Ensuring Success in Early Phase Oncology Clinical Trials | Page 4
Clinically meaningful endpoints such as progression-free survival take a long
time to measure and are rarely used in Phase 1 studies.
Shorter-term endpoints can include surrogate parameters of efficacy, such as
activity of a kinase or amount of drug binding to excised tumor cells. Other
diagnostic variables may indicate something about the activity of the drug
before clinical effects are seen.
For example, in the case of tumor vaccines, immune responses deemed to be a
mandatory response for any later clinical response can be detected as a valid
surrogate endpoint far before an effect on a tumor can be discerned.
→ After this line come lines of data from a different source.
(* Consider the optimization problem: for every total allocated bandwidth $W\in(0,W_{tot}]$, choose the bandwidths $w_u>0$ and transmit powers $p_u$ of the users $u\in\mathcal{U}$ so as to maximize the energy efficiency $\textit{EE}=\frac{\sum_{u\in\mathcal{U}} T_u\,\mathbb{P}(C_u\ge T_u)}{\sum_{u\in\mathcal{U}} p_u}$, subject to (1) $p_u=\frac{gN_0\Gamma}{\ell_u}\left(2^{T_u/w_u}-1\right)w_u$ for every $u$, and (2) $\sum_{u\in\mathcal{U}} w_u=W$. The solution of this problem requires that, for the set of users experiencing the same attenuation $\ell_u$, the bandwidth $w_u$ is proportional to the traffic demand $T_u$, and as a result the power spectral density $\delta p_u\triangleq \frac{p_u}{w_u}$ is constant among these users.
   Context: Single-cell downlink OFDMA model: a base station serves a set $\mathcal{U}$ of $N_U$ users, user $u$ having data rate demand $T_u$, allocated bandwidth $w_u$ and dedicated transmit power $p_u$, with total power and bandwidth budgets $P_{tot}$ and $W_{tot}$. The user capacity is $C_u=w_u\log_2\!\left(1+\frac{1}{\Gamma}\frac{p_u h_f \ell_u}{w_u N_0}\right)$, where $\Gamma$ is the SNR gap, $N_0$ the noise power spectral density, $\ell_u$ the deterministic path-loss attenuation (known at the base station), and $h_f$ is Rayleigh fading, i.e. exponentially distributed with mean $1/\tau$. Requiring the success probability $\mathbb{P}(C_u\ge T_u)$ to equal a threshold $0<c<1$ gives the minimum required power $p_u=\frac{gN_0\Gamma}{\ell_u}\left(2^{T_u/w_u}-1\right)w_u$ with $g\triangleq \frac{\tau}{\ln(1/c)}>0$. *)

From HB Require Import structures.
From mathcomp Require Import all_boot all_order all_algebra.
From mathcomp Require Import all_classical all_reals all_analysis.
Set Implicit Arguments. Unset Strict Implicit. Unset Printing Implicit Defensive.
Import Order.TTheory GRing.Theory Num.Theory.
Local Open Scope classical_set_scope.
Local Open Scope ring_scope.

Section OFDMA.
Context {R : realType}.

Definition log2 (x : R) : R := ln x / ln 2.

Definition gfac (tau c : R) : R := tau / ln (c^-1).

(* user capacity C_u = w log2(1 + (1/Gamma) p h l / (w N0)) for fading value h *)
Definition capacity (Gam N0 l w p h : R) : R :=
  w * log2 (1 + Gam^-1 * (p * h * l / (w * N0))).

(* success probability P(C_u >= T_u), h_f ~ exponential with rate tau (mean 1/tau) *)
Definition succ_prob (tau Gam N0 l T w p : R) : R :=
  fine (exponential_prob tau [set h : R | T <= capacity Gam N0 l w p h]).

Definition req_power (g N0 Gam l T w : R) : R :=
  g * N0 * Gam / l * (2 `^ (T / w) - 1) * w.

Variable U : finType.

Definition EE (tau c N0 Gam : R) (l T w : U -> R) : R :=
  (\sum_(u : U) T u * succ_prob tau Gam N0 (l u) (T u) (w u)
       (req_power (gfac tau c) N0 Gam (l u) (T u) (w u)))
  / (\sum_(u : U) req_power (gfac tau c) N0 Gam (l u) (T u) (w u)).

Definition feasible (W : R) (w : U -> R) : Prop :=
  (forall u, 0 < w u) /\ \sum_(u : U) w u = W.

Definition optimal (tau c N0 Gam W : R) (l T w : U -> R) : Prop :=
  feasible W w /\
  forall w' : U -> R, feasible W w' -> EE tau c N0 Gam l T w' <= EE tau c N0 Gam l T w.

End OFDMA.

(* With the powers fixed by constraint (1), a user succeeds exactly when the
   fading exceeds 1/g, whatever its bandwidth; so the numerator of EE is a
   constant and maximizing EE amounts to minimizing the total power
   \sum_u K_u w_u (2^(T_u/w_u) - 1) with K_u = g N0 Gam / l_u.  Each summand is
   the perspective of the convex map x |-> 2^x - 1, hence strictly subadditive
   unless the ratios T/w agree.  If two users with equal attenuation had
   different ratios T/w, pooling their bandwidth and splitting it in proportion
   to their demands would keep \sum_u w_u fixed and strictly lower the total
   power, contradicting optimality. *)

From HB Require Import structures.
From mathcomp Require Import all_boot all_order all_algebra.
From mathcomp Require Import all_classical all_reals all_analysis.
From mathcomp Require Import ring lra.
Set Implicit Arguments. Unset Strict Implicit. Unset Printing Implicit Defensive.
Import Order.TTheory GRing.Theory Num.Theory.
Local Open Scope classical_set_scope.
Local Open Scope ring_scope.

Section PerspectivePower.
Variables (R : realType) (a : R).
Hypothesis a_gt1 : 1 < a.

Let ln_a_gt0 : 0 < ln a. Proof. exact: ln_gt0. Qed.

Let powR_shift (x y : R) : a `^ x = a `^ y * expR ((x - y) * ln a).
Proof.
by rewrite /powR gt_eqF ?(lt_trans ltr01) // -expRD mulrBl addrC subrK.
Qed.

Lemma powR_tangent_le (x y : R) : a `^ y * (1 + (x - y) * ln a) <= a `^ x.
Proof.
by rewrite [leRHS](powR_shift x y) ler_pM2l ?powR_gt0 ?(lt_trans ltr01) // expR_ge1Dx.
Qed.

Lemma powR_tangent_lt (x y : R) : x != y -> a `^ y * (1 + (x - y) * ln a) < a `^ x.
Proof.
move=> xy; rewrite [ltRHS](powR_shift x y) ltr_pM2l ?powR_gt0 ?(lt_trans ltr01) //.
by apply: expR_gt1Dx; rewrite mulf_neq0 ?subr_eq0 // gt_eqF.
Qed.

Definition persp_powm1 (T w : R) : R := w * (a `^ (T / w) - 1).

Lemma persp_powm1_gt0 (T w : R) : 0 < T -> 0 < w -> 0 < persp_powm1 T w.
Proof.
move=> T0 w0; rewrite mulr_gt0 // subr_gt0 /powR gt_eqF ?(lt_trans ltr01) //.
by rewrite expR_gt1 mulr_gt0 ?divr_gt0.
Qed.

Lemma persp_powm1D_eq (T1 T2 w1 w2 : R) : 0 < w1 -> 0 < w2 ->
  T1 / w1 = T2 / w2 ->
  persp_powm1 (T1 + T2) (w1 + w2) = persp_powm1 T1 w1 + persp_powm1 T2 w2.
Proof.
move=> w1_gt0 w2_gt0 ratio; rewrite /persp_powm1.
have -> : (T1 + T2) / (w1 + w2) = T1 / w1.
  have w12_gt0 : 0 < w1 + w2 by rewrite addr_gt0.
  apply/eqP; rewrite eqr_div ?(gt_eqF w1_gt0) ?(gt_eqF w12_gt0) //; apply/eqP.
  move/eqP: ratio; rewrite eqr_div ?(gt_eqF w1_gt0) ?(gt_eqF w2_gt0) // => /eqP.
  lra.
by rewrite -ratio mulrDl.
Qed.

Lemma persp_powm1D_lt (T1 T2 w1 w2 : R) : 0 < w1 -> 0 < w2 ->
  T1 / w1 != T2 / w2 ->
  persp_powm1 (T1 + T2) (w1 + w2) < persp_powm1 T1 w1 + persp_powm1 T2 w2.
Proof.
move=> w1_gt0 w2_gt0 ratio.
set X := (T1 + T2) / (w1 + w2); set x1 := T1 / w1; set x2 := T2 / w2.
have e1 : w1 * x1 = T1 by rewrite /x1 mulrCA divff ?mulr1 // gt_eqF.
have e2 : w2 * x2 = T2 by rewrite /x2 mulrCA divff ?mulr1 // gt_eqF.
have eX : (w1 + w2) * X = T1 + T2.
  by rewrite /X mulrCA divff ?mulr1 // gt_eqF // addr_gt0.
have x1X : x1 != X.
  apply: contra_neq ratio => x1E; rewrite -/x1 -/x2 x1E.
  have : w2 * X = w2 * x2 by move: e1; rewrite x1E; lra.
  by apply: mulfI; rewrite gt_eqF.
(* the weighted tangent lines at [X] sum to [(w1 + w2) a^X], as [X] is the weighted mean *)
have tangents : w1 * (a `^ X * (1 + (x1 - X) * ln a))
    + w2 * (a `^ X * (1 + (x2 - X) * ln a)) = (w1 + w2) * a `^ X.
  transitivity ((w1 + w2) * a `^ X
    + a `^ X * ln a * (w1 * x1 + w2 * x2 - (w1 + w2) * X)); first ring.
  by rewrite e1 e2 eX subrr mulr0 addr0.
have lt1 : w1 * (a `^ X * (1 + (x1 - X) * ln a)) < w1 * a `^ x1.
  by rewrite ltr_pM2l // powR_tangent_lt.
have le2 : w2 * (a `^ X * (1 + (x2 - X) * ln a)) <= w2 * a `^ x2.
  by rewrite ler_pM2l // powR_tangent_le.
rewrite /persp_powm1 -/X -/x1 -/x2; lra.
Qed.

End PerspectivePower.

Lemma sumrB_off2 (V : zmodType) (I : finType) (F G : I -> V) (u v : I) :
  u != v -> (forall i, i != u -> i != v -> F i = G i) ->
  \sum_i F i - \sum_i G i = (F u - G u) + (F v - G v).
Proof.
move=> uv FG; rewrite -sumrB (bigD1 u) //= (bigD1 v) 1?eq_sym //=.
by rewrite big1 ?addr0 // => i /andP[iu iv]; rewrite FG ?subrr.
Qed.

Section Rebalance.
Variables (R : realType) (U : finType) (a : R) (K T : U -> R).
Hypotheses (a_gt1 : 1 < a) (K_gt0 : forall u, 0 < K u) (T_gt0 : forall u, 0 < T u).

Definition power_cost (w : U -> R) : R := \sum_u K u * persp_powm1 a (T u) (w u).

Definition rebalance (u v : U) (w : U -> R) : U -> R :=
  fun x => if (x == u) || (x == v) then T x * ((w u + w v) / (T u + T v)) else w x.

Section Pair.
Variables (u v : U) (w : U -> R).
Hypotheses (uv : u != v) (w_gt0 : forall x, 0 < w x).

Let Tuv_gt0 : 0 < T u + T v. Proof. by rewrite addr_gt0. Qed.
Let wuv_gt0 : 0 < w u + w v. Proof. by rewrite addr_gt0. Qed.
Let share_gt0 : 0 < (w u + w v) / (T u + T v). Proof. by rewrite divr_gt0. Qed.

Let rebalance_off (x : U) : x != u -> x != v -> rebalance u v w x = w x.
Proof. by move=> xu xv; rewrite /rebalance (negbTE xu) (negbTE xv). Qed.

Let rebalance_u : rebalance u v w u = T u * ((w u + w v) / (T u + T v)).
Proof. by rewrite /rebalance eqxx. Qed.

Let rebalance_v : rebalance u v w v = T v * ((w u + w v) / (T u + T v)).
Proof. by rewrite /rebalance eqxx orbT. Qed.

Let rebalance_uv : rebalance u v w u + rebalance u v w v = w u + w v.
Proof. by rewrite rebalance_u rebalance_v -mulrDl mulrCA divff ?mulr1 // gt_eqF. Qed.

Lemma rebalance_gt0 (x : U) : 0 < rebalance u v w x.
Proof. by rewrite /rebalance; case: ifP => _; [exact: mulr_gt0 | exact: w_gt0]. Qed.

Lemma sum_rebalance : \sum_x rebalance u v w x = \sum_x w x.
Proof.
apply/eqP; rewrite -subr_eq0 (sumrB_off2 uv rebalance_off); apply/eqP.
by move: rebalance_uv; lra.
Qed.

Lemma power_cost_rebalance_lt : K u = K v -> T u / w u != T v / w v ->
  power_cost (rebalance u v w) < power_cost w.
Proof.
move=> Kuv ratio; rewrite -subr_lt0 /power_cost.
rewrite (sumrB_off2 (G := fun x => K x * persp_powm1 a (T x) (w x)) uv);
  last by move=> x xu xv; rewrite rebalance_off.
have pooled : persp_powm1 a (T u) (rebalance u v w u)
    + persp_powm1 a (T v) (rebalance u v w v) = persp_powm1 a (T u + T v) (w u + w v).
  rewrite -rebalance_uv -persp_powm1D_eq ?rebalance_gt0 // rebalance_u rebalance_v.
  by rewrite !invfM !mulrA !divff ?gt_eqF.
have := persp_powm1D_lt a_gt1 (w_gt0 u) (w_gt0 v) ratio.
rewrite -pooled -(ltr_pM2l (K_gt0 v)) !mulrDr -Kuv; lra.
Qed.

End Pair.

Lemma power_cost_min_ratio (w : U -> R) (u v : U) : (forall x, 0 < w x) ->
  (forall w', (forall x, 0 < w' x) -> \sum_x w' x = \sum_x w x ->
     power_cost w <= power_cost w') ->
  K u = K v -> T u / w u = T v / w v.
Proof.
move=> w_gt0 w_min Kuv; have [->//|uv] := eqVneq u v.
apply/eqP; apply: contraT => ratio.
have w'_gt0 : forall x, 0 < rebalance u v w x by apply: rebalance_gt0.
have := w_min _ w'_gt0 (sum_rebalance w uv).
by rewrite leNgt power_cost_rebalance_lt.
Qed.

End Rebalance.

Lemma sumr_gt0 (R : numDomainType) (I : finType) (i0 : I) (F : I -> R) :
  (forall i, 0 < F i) -> 0 < \sum_i F i.
Proof.
move=> F_gt0; rewrite (bigD1 i0) //= ltr_pwDl //.
by apply: sumr_ge0 => i _; apply: ltW.
Qed.

Lemma exponential_prob_itvcy_ge (R : realType) (rate x : R) : 0 < rate -> 0 < x ->
  ((expR (- rate * x))%:E <= exponential_prob rate `[x, +oo[)%E.
Proof.
move=> rate_gt0 x_gt0.
pose P := exponential_distribution_exponential_prob__canonical__probability_measure_Probability
  rate_gt0.
have below_x : ~` `[x, +oo[ `<=` `]-oo, 0[ `|` `[0, x]%classic.
  move=> y /=; rewrite !in_itv /= andbT => /negP; rewrite -ltNge => yx.
  by case: (ltP y 0) => y0; [left | right; rewrite (ltW yx)].
have P_neg : P `]-oo, 0[%classic = 0%E.
  rewrite /P /= /exponential_prob integral0_eq // => y /=; rewrite in_itv /= => y0.
  by rewrite lt0_exponential_pdf.
have P_below : (P (~` `[x, +oo[) <= 1 - (expR (- rate * x))%:E)%E.
  rewrite -(@exponential_prob_itv0c _ rate x) // -[X in (_ <= X)%E]add0e -P_neg.
  apply: le_trans (measureU2 _ _ _) => //.
  by apply: (le_measure P) below_x; rewrite inE; [apply: measurableC | apply: measurableU].
change ((expR (- rate * x))%:E <= P `[x, +oo[%classic)%E.
rewrite -[`[x, +oo[%classic]setCK probability_setC; last exact: measurableC.
rewrite leeBrDr ?fin_num_measure //; last exact: measurableC.
by rewrite -leeBrDl.
Qed.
Although later phase trials must have strong power analysis to scientifically
prove the value of a therapy, early phase trials, especially phase 1 studies, do
not have such a consistent need for power analysis or justification of sample
size.
Dosing is an important consideration in study design. The goal is to start at
lowest therapeutic dose possible to avoid having cohorts that will not yield
useful information. Furthermore, because of regulatory and scientific
considerations it is useful to determine the minimal effective dose of a new
agent. If possible, preclinical data should be used to determine whether dosing
should be daily or twice daily. Multiple dosing schedules within various cohorts
may be needed. Dose escalation procedures should be clearly detailed in the
protocol to avoid errors in treatment assignment. If patients are not assigned to
correct cohorts and doses, they will be unenrolled from the study, which
increases the cost of the trial and is disappointing to patients and the enrolling
sites.
If the experimental therapy is a targeted one, diagnostic tools will be needed to
identify patients with specific disease characteristics. For example, if a therapy
targets tumor cells carrying a mutation in a tyrosine kinase receptor protein,
such as EGFR in lung cancer or B-Raf kinase in skin cancer, patient tumors will
need to be screened for those that carry the mutation. Using biomarkers (Box 1,
Table 1) for inclusion criteria in a study can slow enrollment and add costs. Also,
having complex study designs and novel biomarkers can slow the process of
regulatory approval.
It can be challenging to write a clear protocol, especially when a treatment is
being tested for the first time in humans. Getting feedback from key opinion
leaders and principal investigators can be especially helpful in crafting inclusion
and exclusion criteria to maximize the population of enrollable patients.